Nor do they wait for an elderly woman in her sixties who’s recovering from hip surgery and grieving over losing her sister.
Three months have passed since Dyan’s death. It seems like eons since I last spoke to her, damn I miss her. Add my forced captivity because of my hip, and I’m ready to lose my mind. All I’m able to do is hobble from room to room in my small house, trying to work through my grief while gazing out my windows at the brown world around me.
My gardens are nothing but collections of sticks and leaves strewn about.
The only saving grace for my blah surroundings is that the bluebirds are still here.

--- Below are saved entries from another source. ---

(* Let $(N,M_0)$ be a three-level PT-net system with transitions $T$ partitioned into low-level $L$, downgrading $D$ and high-level $H$. Then $(N,M_0)$ has the property BINI if and only if for every reachable marking $M_1$ of $(N,M_0)$ and every $h\in H$, $M_1[h\rangle M_2$ implies $\mathcal{L}(N\setminus(H\cup D),M_1)=\mathcal{L}(N\setminus(H\cup D),M_2)$.
   Context: A PT-net is $N=(P,T,F)$ with $P,T$ finite disjoint and $F:(P\times T)\cup(T\times P)\to\mathbb{N}$; markings $M:P\to\mathbb{N}$; $t$ enabled at $M$ ($M[t\rangle$) iff $M(p)\ge F(p,t)$ for all $p$, firing gives $M'(p)=M(p)+F(t,p)-F(p,t)$ ($M[t\rangle M'$); extended to sequences. $N\setminus T'$ deletes the transitions of $T'$. $\mathcal{L}(N\setminus(H\cup D),M)$ is the set of all $s\in L^*$ with $M[s\rangle$. For systems with disjoint place sets, $\mathcal{N}_1|\mathcal{N}_2$ has the union of places, the union of transitions (shared transitions synchronize, arcs inherited from each component on its own places), and union of initial markings; a high-level net system has only high-level transitions. In a two-level system (low $L$, high $H$) transitions in $L$ are observable, those in $H$ unobservable; weak bisimilarity $\approx$ is the existence of a relation between reachable markings containing the initial pair such that, for related $(M,M')$ and symmetrically, an observable step $M[l\rangle$ is matched by unobservable steps, $l$, unobservable steps leading to a related pair, and an unobservable step is matched by unobservable steps leading to a related pair. A two-level system $\mathcal{N}$ has BNDC iff for every high-level net system $\mathcal{N}'$ (places disjoint from those of $\mathcal{N}$) with transition set $H'$ disjoint from $L$, $\mathcal{N}\setminus H\approx(\mathcal{N}|\mathcal{N}')\setminus(H\setminus H')$. The three-level system $(N,M_0)$ has BINI iff the two-level system $(N\setminus D,M)$ (low $L$, high $H$) has BNDC for $M=M_0$ and for every marking $M$ with $M_0[\upsilon d\rangle M$ in $N$ for some $\upsilon\in T^*$, $d\in D$. *)

From Stdlib Require List.
From mathcomp Require Import all_boot.
Set Implicit Arguments. Unset Strict Implicit. Unset Printing Implicit Defensive.

(* Transition names live in an arbitrary type A (shared name space, so that
   shared transitions of a parallel composition are those with equal names).
   A PT-net over places P: its (finite) transition set is the boolean predicate
   [tr], arc weights F(p,t) = pre p t and F(t,p) = post t p (values of pre/post
   at names outside [tr] are irrelevant: such names can never fire). *)
Record net (P A : Type) := Net {
  tr   : A -> bool;
  pre  : P -> A -> nat;
  post : A -> P -> nat }.

Arguments Net {P A}.

Definition finite_tr P A (N : net P A) : Prop :=
  exists s : list A, forall a, tr N a -> List.In a s.

Definition step P A (N : net P A) (M : P -> nat) (t : A) (M' : P -> nat) : Prop :=
  tr N t /\ (forall p, pre N p t <= M p) /\
  (forall p, M' p = M p + post N t p - pre N p t).

Inductive fires P A (N : net P A) : (P -> nat) -> seq A -> (P -> nat) -> Prop :=
| fires_nil M : fires N M [::] M
| fires_cons M t M1 s M2 : step N M t M1 -> fires N M1 s M2 -> fires N M (t :: s) M2.

Definition reachable P A (N : net P A) (M0 M : P -> nat) : Prop :=
  exists s, fires N M0 s M.

Definition lang P A (N : net P A) (M : P -> nat) (s : seq A) : Prop :=
  exists M', fires N M s M'.

Definition restrict P A (N : net P A) (X : A -> bool) : net P A :=
  Net (fun a => tr N a && ~~ X a) (pre N) (post N).

Definition par P1 P2 A (N1 : net P1 A) (N2 : net P2 A) : net (P1 + P2)%type A :=
  Net (fun a => tr N1 a || tr N2 a)
      (fun x a => match x with
                  | inl p => if tr N1 a then pre N1 p a else 0
                  | inr q => if tr N2 a then pre N2 q a else 0 end)
      (fun a x => match x with
                  | inl p => if tr N1 a then post N1 a p else 0
                  | inr q => if tr N2 a then post N2 a q else 0 end).

Definition union_mark P1 P2 (M1 : P1 -> nat) (M2 : P2 -> nat) : (P1 + P2)%type -> nat :=
  fun x => match x with inl p => M1 p | inr q => M2 q end.

Definition tau_star P A (L : A -> bool) (N : net P A) (M M' : P -> nat) : Prop :=
  exists s, all (fun a => ~~ L a) s /\ fires N M s M'.

Definition weak_obs P A (L : A -> bool) (N : net P A) (M : P -> nat) (l : A)
  (M' : P -> nat) : Prop :=
  exists M1 M2, tau_star L N M M1 /\ step N M1 l M2 /\ tau_star L N M2 M'.

Definition weak_sim P1 P2 A (L : A -> bool) (N1 : net P1 A) (N2 : net P2 A)
  (R : (P1 -> nat) -> (P2 -> nat) -> Prop) : Prop :=
  forall M1 M2, R M1 M2 ->
    (forall l M1', L l -> step N1 M1 l M1' ->
        exists M2', weak_obs L N2 M2 l M2' /\ R M1' M2') /\
    (forall h M1', ~~ L h -> step N1 M1 h M1' ->
        exists M2', tau_star L N2 M2 M2' /\ R M1' M2').

Definition wbisim P1 P2 A (L : A -> bool) (N1 : net P1 A) (M01 : P1 -> nat)
  (N2 : net P2 A) (M02 : P2 -> nat) : Prop :=
  exists R : (P1 -> nat) -> (P2 -> nat) -> Prop,
    (forall M1 M2, R M1 M2 -> reachable N1 M01 M1 /\ reachable N2 M02 M2) /\
    R M01 M02 /\
    weak_sim L N1 N2 R /\ weak_sim L N2 N1 (fun M2 M1 => R M1 M2).

(* BNDC of the two-level system (N, M0) with low L and high H:
   for every high-level net system (N', M0') with finitely many transitions H',
   none in L, and finitely many places disjoint from those of N,
   N \ H  ~  (N | N') \ (H \ H'). *)
Definition BNDC P A (N : net P A) (L H : A -> bool) (M0 : P -> nat) : Prop :=
  forall (P' : finType) (N' : net P' A) (M0' : P' -> nat),
    finite_tr N' -> (forall a, tr N' a -> ~~ L a) ->
    wbisim L (restrict N H) M0
             (restrict (par N N') (fun a => H a && ~~ tr N' a)) (union_mark M0 M0').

My sister promised me she would return as a bluebird and she has, a dozen times over. You see, I’ve never had bluebirds stay this long into the late winter season. Typically they come with whatever snowstorm arrives in late January and then move on by the beginning of February, but, for some reason, they’re sticking around. Are the mealworms I’m putting out doing the trick or is Dyan working her magic?
I even have a male bluebird investigating one of my nesting boxes.

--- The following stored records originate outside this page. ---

Lemma series_remainder_bigO0 (a : nat -> C) (F : C -> C) (zeta : R -> C) K :
  series_on_U a F -> bigO0 1 zeta ->
  bigO0 (S K) (fun t => F (zeta t) - Cpsum (fun n => a n * zeta t ^ n) K)%C.
Proof.
  intros Hs [d [Kz [Hd HZ]]].
  destruct (series_coef_bound a F (1/2) Hs ltac:(lra)) as [M [HM0 HM]].
  set (k := Rabs Kz + 1).
  assert (Hk : 0 < k) by (unfold k; pose proof (Rabs_pos Kz); lra).
  exists (Rmin d (1 / (4 * k))), (2 * M * (2 * k) ^ S K). split.
  { apply Rmin_pos. lra. apply Rdiv_lt_0_compat; lra. }
  intros t Ht. pose proof (Rmin_l d (1 / (4 * k))). pose proof (Rmin_r d (1 / (4 * k))).
  specialize (HZ t ltac:(lra)). rewrite pow_1 in HZ.
  assert (Hz : Cmod (zeta t) <= k * t) by (pose proof (Rle_abs Kz); unfold k; nra).
  assert (Hz4 : Cmod (zeta t) <= 1/4).
  { assert (t * (4 * k) <= 1).
    { apply Rmult_le_reg_r with (/ (4 * k)). apply Rinv_0_lt_compat; lra.
      rewrite Rmult_assoc, Rinv_r by lra. lra. }
    nra. }
  set (q := Cmod (zeta t) / (1/2)).
  assert (Hq : 0 <= q <= 2 * k * t) by (pose proof (Cmod_ge_0 (zeta t)); unfold q; split; lra).
  assert (Hu : inU (zeta t)) by (unfold inU; change (Cmod (zeta t) < 1); lra).
  eapply Rle_trans. apply (series_tail_bound a F M (1/2)); auto; lra.
  fold q. replace (2 * M * (2 * k) ^ S K * t ^ S K) with (2 * M * (2 * k * t) ^ S K)
    by (rewrite Rpow_mult_distr; ring).
  assert (Hqn : q ^ S K <= (2 * k * t) ^ S K) by (apply pow_incr; lra).
  assert (Hq2 : q <= 1/2) by (unfold q; lra).
  assert (HMq : M * q ^ S K <= M * (2 * k * t) ^ S K) by (apply Rmult_le_compat_l; lra).
  pose proof (pow_le (2 * k * t) (S K) ltac:(nra)).
  apply Rmult_le_reg_r with (1 - q). lra. unfold Rdiv. rewrite Rmult_assoc, Rinv_l by lra.
  assert (0 <= M * (2 * k * t) ^ S K * (1 - 2 * q)) by (apply Rmult_le_pos; nra).
  nra.
Qed.

Lemma Cpow_sub_bound (x y : C) s n : Cmod x <= s -> Cmod y <= s ->
  Cmod (x ^ S n - y ^ S n)%C <= INR (S n) * Cmod (x - y)%C * s ^ n.
Proof.
  intros Hx Hy. assert (Hs : 0 <= s) by (pose proof (Cmod_ge_0 x); lra).
  induction n.
  - simpl. replace (x * 1 - y * 1)%C with (x - y)%C by ring. lra.
  - replace (x ^ S (S n) - y ^ S (S n))%C with (x * (x ^ S n - y ^ S n) + (x - y) * y ^ S n)%C
      by (simpl; ring).
    eapply Rle_trans. apply Cmod_triangle. rewrite !Cmod_mult, Cmod_pow.
    pose proof (Cmod_ge_0 (x ^ S n - y ^ S n)%C). pose proof (Cmod_ge_0 (x - y)%C).
    pose proof (Cmod_ge_0 y). pose proof (Cmod_ge_0 x).
    assert (Cmod y ^ S n <= s ^ S n) by (apply pow_incr; lra).
    assert (Cmod x * Cmod (x ^ S n - y ^ S n)%C <= s * (INR (S n) * Cmod (x - y)%C * s ^ n))
      by (apply Rmult_le_compat; auto).
    assert (Cmod (x - y)%C * Cmod y ^ S n <= Cmod (x - y)%C * s ^ S n)
      by (apply Rmult_le_compat_l; auto).
    rewrite S_INR. simpl pow in *. nra.
Qed.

I’m more than happy to purchase whatever furniture he’ll need to create a comfy home for his mate. Please stay.
One of the items I inherited from Dyan are her runes. I performed a cleansing ritual over them and then asked her for some direction as I cast my first rune. I drew Hagalaz.
Let chaos reign. Basically, everything I took for granted was being challenged. Hagalaz literally translates to hail and the chaos that occurs once the icy pellets have bombarded the surroundings. Great!

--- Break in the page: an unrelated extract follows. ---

(* Let $W$ be a (1-safe) DAW-net and $\mathrm{bc}(W)$ its $\mathcal{BC}$ encoding. For any $\ell\ge0$, if $\rho=(M_0,\eta_0)\xrightarrow{t_0}(M_1,\eta_1)\xrightarrow{t_1}\cdots\xrightarrow{t_{\ell-1}}(M_\ell,\eta_\ell)$ is a sequence of valid firings of $W$ of length $\ell$ with $(M_0,\eta_0)=(M_s,\eta_s)$ the initial state, then $\bigcup_{i=0}^{\ell}\Phi_i(\rho)$ is a stable model of $P_\ell(\mathrm{bc}(W))$.
   Context: **DAW-nets.** Data model $\mathcal{D}=(\mathcal{V},\Delta,\mathrm{dm},\mathrm{ord})$: variables, finite domains $\Delta_i$ assigned by total surjective $\mathrm{dm}$, partial orders $\le_{\Delta_i}$ on some domains. Assignments: partial $\eta$ with $\eta(v)\in\mathrm{dm}(v)$. Guards $\Phi::=\mathit{true}\mid\mathrm{def}(v)\mid t_1=t_2\mid t_1\le t_2\mid\neg\Phi\mid\Phi\wedge\Phi$ ($t_i$ variables or constants), with $t[\eta]=\eta(t)$ for variables on which $\eta$ is defined and $t$ otherwise: $\mathrm{def}(v)$ iff $\eta(v)$ defined; $t_1=t_2$ iff $t_1[\eta],t_2[\eta]$ are constants and equal; $t_1\le t_2$ iff both lie in some ordered $\Delta_i$ and $t_1[\eta]\le_{\Delta_i}t_2[\eta]$. A DAW-net $W=\langle\mathcal{D},(P,T,F),\mathrm{wr},\mathrm{gd}\rangle$ consists of a workflow Petri net with places $\mathit{start},\mathit{sink}$ (presets ${}^\bullet t$, postsets $t^\bullet$), partial functions $\mathrm{wr}(t)$ with $\mathrm{wr}(t)(v)\subseteq\mathrm{dm}(v)$, and guards $\mathrm{gd}(t)$. A firing $(M,\eta)\xrightarrow{t}(M',\eta')$ is valid iff $\{p\mid M(p)>0\}\supseteq{}^\bullet t$; $\mathcal{D},\eta\models\mathrm{gd}(t)$; $M'(p)=M(p)-1$ on ${}^\bullet t\setminus t^\bullet$, $M(p)+1$ on $t^\bullet\setminus{}^\bullet t$, else $M(p)$; $\mathrm{dom}(\eta')=\mathrm{dom}(\eta)\cup\{v\mid\mathrm{wr}(t)(v)\neq\emptyset\}\setminus\{v\mid\mathrm{wr}(t)(v)=\emptyset\}$, $\eta'(v)\in\mathrm{wr}(t)(v)$ for $v\in\mathrm{dom}(\mathrm{wr}(t))$, else $\eta'(v)=\eta(v)$. Initial state $(M_s,\eta_s)$: one token in $\mathit{start}$, none elsewhere, $\eta_s$ empty. $W$ is assumed 1-safe. $\mathcal{V}'$: finite set of variables of $W$; $\mathrm{adm}(v)=\bigcup_t\mathrm{wr}(t)(v)$. **$\mathcal{BC}$ semantics.** Fluents have finite domains; laws: dynamic ''$A_0$ after $A'_1,\dots,A'_n$ ifcons $A_{n+1},\dots,A_m$'' ($A_0$ an atom $f=v$ or false; $A'_j$ atoms or action constants), static ''$A_0$ if ... ifcons ...'', and ''initially $f=v$''. $P_\ell(B)$ is the disjunctive program with classical negation $\neg$ and default negation $\sim$ containing: each static law as $i{:}A_0\leftarrow i{:}A_1,\dots,i{:}A_n,\sim\neg(i{:}A_{n+1}),\dots,\sim\neg(i{:}A_m)$ for $0\le i\le\ell$; each dynamic law as $i{+}1{:}A_0\leftarrow i{:}A'_1,\dots,i{:}A'_n,\sim\neg(i{+}1{:}A_{n+1}),\dots,\sim\neg(i{+}1{:}A_m)$ for $0\le i<\ell$ (a constraint if $A_0$ is false); the fact $0{:}f=v$ for each ''initially $f=v$''; $0{:}f=v\vee\neg(0{:}f=v)$ for all fluents and values; $i{:}a\vee\neg(i{:}a)$ for action constants and $i<\ell$; and for $i\le\ell$ and each fluent $f$ with domain $v_1,\dots,v_k$: $\leftarrow\sim(i{:}f=v_1),\dots,\sim(i{:}f=v_k)$ and $\neg(i{:}f=v)\leftarrow i{:}f=w$ for $v\neq w$. Stable models are answer sets. **The encoding $\mathrm{bc}(W)$.** Fluents $v\in\mathcal{V}'$ with domain $\mathrm{adm}(v)\cup\{\mathrm{null}\}$, Boolean fluents $p\in P$ and $\mathit{trans}$; action constants $t\in T$. Laws: ''$v=o$ after $v=o$ ifcons $v=o$'' ($o\in\mathrm{adm}(v)\cup\{\mathrm{null}\}$); ''$p=o$ after $p=o$ ifcons $p=o$'' ($o$ Boolean); for each $t$: ''$p=\mathrm{false}$ after $t$'' ($p\in{}^\bullet t\setminus t^\bullet$); ''$p=\mathrm{true}$ after $t$'' ($p\in t^\bullet\setminus{}^\bullet t$); ''$v=d$ after $t$ ifcons $v=d$'' ($d\in\mathrm{wr}(t)(v)$); ''$v=\mathrm{null}$ after $t$'' (if $\mathrm{wr}(t)(v)=\emptyset$); ''false after $t$ ifcons $v=d$'' (if $\mathrm{wr}(t)(v)\neq\emptyset$, $d\in\{\mathrm{null}\}\cup\mathrm{adm}(v)\setminus\mathrm{wr}(t)(v)$); ''false after $t,s$'' ($t\neq s$); ''false after $t,p=\mathrm{false}$'' ($p\in{}^\bullet t$); ''$\mathit{trans}=\mathrm{true}$ after $t$''; ''initially $\mathit{start}=\mathrm{true}$'', ''initially $p=\mathrm{false}$'' ($p\neq\mathit{start}$), ''initially $v=\mathrm{null}$'', ''initially $\mathit{trans}=\mathrm{true}$''. For each $t$ with $\mathrm{gd}(t)\not\equiv\mathit{true}$, for a chosen formula $\bigvee_{k}t^k_1\wedge\dots\wedge t^k_{n_k}$ equivalent over $\mathcal{D}$ to $\neg\mathrm{gd}(t)$ whose terms are $v=o$ or $\neg\mathrm{def}(v)$, the laws ''false after $t,[\![t^k_1]\!],\dots,[\![t^k_{n_k}]\!]$'', where $[\![v=o]\!]=(v=o)$ and $[\![\neg\mathrm{def}(v)]\!]=(v=\mathrm{null})$. **The sets $\Phi_i(\rho)$.** For $0\le i\le\ell$, $\Phi_i(\rho)=\Phi^\nu_i(\rho)\cup\Phi^\tau_i(\rho)$ where $\Phi^\nu_i(\rho)=\{i{:}p=\mathrm{true},\neg(i{:}p=\mathrm{false})\mid M_i(p)>0\}\cup\{i{:}p=\mathrm{false},\neg(i{:}p=\mathrm{true})\mid M_i(p)=0\}\cup\{i{:}v=o,\neg(i{:}v=\mathrm{null})\mid v\in\mathcal{V}',\eta_i(v)=o\}\cup\{i{:}v=\mathrm{null}\mid\eta_i(v)\text{ undefined}\}\cup\{\neg(i{:}v=o)\mid v\in\mathcal{V}',o\in\mathrm{adm}(v),\eta_i(v)\neq o\text{ or undefined}\}\cup\{i{:}\mathit{trans}=\mathrm{true},\neg(i{:}\mathit{trans}=\mathrm{false})\}$, and $\Phi^\tau_i(\rho)=\emptyset$ for $i\ge\ell$, $\{i{:}t_i\}\cup\{\neg(i{:}t)\mid t\in T,t\neq t_i\}$ for $i<\ell$. *)

From HB Require Import structures.
From Stdlib Require List.
From mathcomp Require Import all_boot.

My next casting brought me Isa, literally meaning ice, as in a mother-frigging blockade of ice, one large enough to stop me dead in my tracks.
I let my soul search for the meaning of drawing this rune and came to the realization that I needed to stop forcing what could not be moved. I needed to allow what was blocking my progression to melt on its own. I could almost hear Dyan whispering, “Patience, my sister. All will be as it should be, in time.”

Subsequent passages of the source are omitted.